▶ _What is expected_:
From the data that follows, copy every line holding the string "Hmin".

▶ _The data_:
(** * SPP implies ISigma02 *)

Section ProgressColouring.
Variable X : N -> Prop.
Hypothesis X_set : sets M X.

Definition Refuted (a j s : N) : Prop :=
  j ≺ s /\ forall b, b ≼ j -> exists x, x ≺ s /\ ~ X (triple a b x).

Definition Progress (a t : N) : Prop := exists j, j ≼ t /\ Refuted a j (t ⊕ 𝟙) /\ ~ Refuted a j t.

Definition Stage (c u : N) : Prop := exists t, t ≼ u /\ u = pair M t c /\ Progress c t.

Definition Colour (n u c : N) : Prop :=
  (c ≼ n /\ Stage c u) \/ (~ (exists c', c' ≼ n /\ Stage c' u) /\ c = n ⊕ 𝟙).

Definition Colouring (n v : N) : Prop :=
  exists u, u ≼ v /\ exists c, c ≼ v /\ v = pair M u c /\ Colour n u c.

Lemma refuted_mono a j j' s s' : Refuted a j s -> j' ≼ j -> s ≼ s' -> Refuted a j' s'.
Proof.
  intros [Hj Hall] Hj' Hs; split; [exact (lt_le_trans _ _ _ (le_lt_trans _ _ _ Hj' Hj) Hs)|].
  intros b Hb; destruct (Hall b (le_trans _ _ _ Hb Hj')) as [x [Hx Hnx]].
  exists x; split; [exact (lt_le_trans _ _ _ Hx Hs) | exact Hnx].
Qed.

Lemma all_refuted a : (forall b, exists x, ~ X (triple a b x)) -> forall j, exists s, Refuted a j s.
Proof.
  intros Hrefuted; apply (sigma1_induction _ (fun _ => X_set) (Refuted a));
    [unfold Refuted, triple; delta0| |].
  - destruct (Hrefuted 𝟘) as [x Hx]; exists (x ⊕ 𝟙); split; [apply lt_0_succ|].
    intros b Hb; apply le_lteq in Hb as [Hb | ->]; [destruct (nlt_0_r _ Hb)|].
    exists x; split; [apply lt_succ_diag_r | exact Hx].
  - intros j [s Hs]; destruct (Hrefuted (j ⊕ 𝟙)) as [x Hx].
    destruct (refuted_mono a j j s (s ⊕ x ⊕ 𝟙) Hs (le_refl j)) as [Hj Hall];
      [apply lt_le_incl, lt_add_succ|].
    exists (s ⊕ x ⊕ 𝟙); split;
      [exact (le_lt_trans _ _ _ (proj2 (le_succ_l _ _) (proj1 Hs)) (lt_add_succ s x))|].
    intros b Hb; apply le_lteq in Hb as [Hb | ->]; [exact (Hall b Hb)|].
    exists x; split; [apply lt_iff_add; exists s; ring | exact Hx].
Qed.

Lemma progress_unbounded a : (forall b, exists x, ~ X (triple a b x)) ->
  forall n, exists t, n ≺ t /\ Progress a t.
Proof.
  intros Hrefuted n; destruct (all_refuted a Hrefuted (n ⊕ 𝟙)) as [s Hs].
  destruct (delta0_least _ (fun _ => X_set) (Refuted a (n ⊕ 𝟙))) with s as [s0 [Hs0 Hmin]];
    [unfold Refuted, triple; delta0 | exact Hs|].
  destruct (proj1 (lt_iff_add _ _) (proj1 Hs0)) as [d Hd]; rewrite Hd in Hs0, Hmin.
  exists (n ⊕ 𝟙 ⊕ d); split; [apply lt_iff_add; exists d; ring|].
  exists (n ⊕ 𝟙); split; [apply le_add_r|]; split; [exact Hs0 | apply Hmin, lt_succ_diag_r].
Qed.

▶ _Task output_:
  destruct (delta0_least _ (fun _ => X_set) (Refuted a (n ⊕ 𝟙))) with s as [s0 [Hs0 Hmin]];
  destruct (proj1 (lt_iff_add _ _) (proj1 Hs0)) as [d Hd]; rewrite Hd in Hs0, Hmin.
  exists (n ⊕ 𝟙); split; [apply le_add_r|]; split; [exact Hs0 | apply Hmin, lt_succ_diag_r].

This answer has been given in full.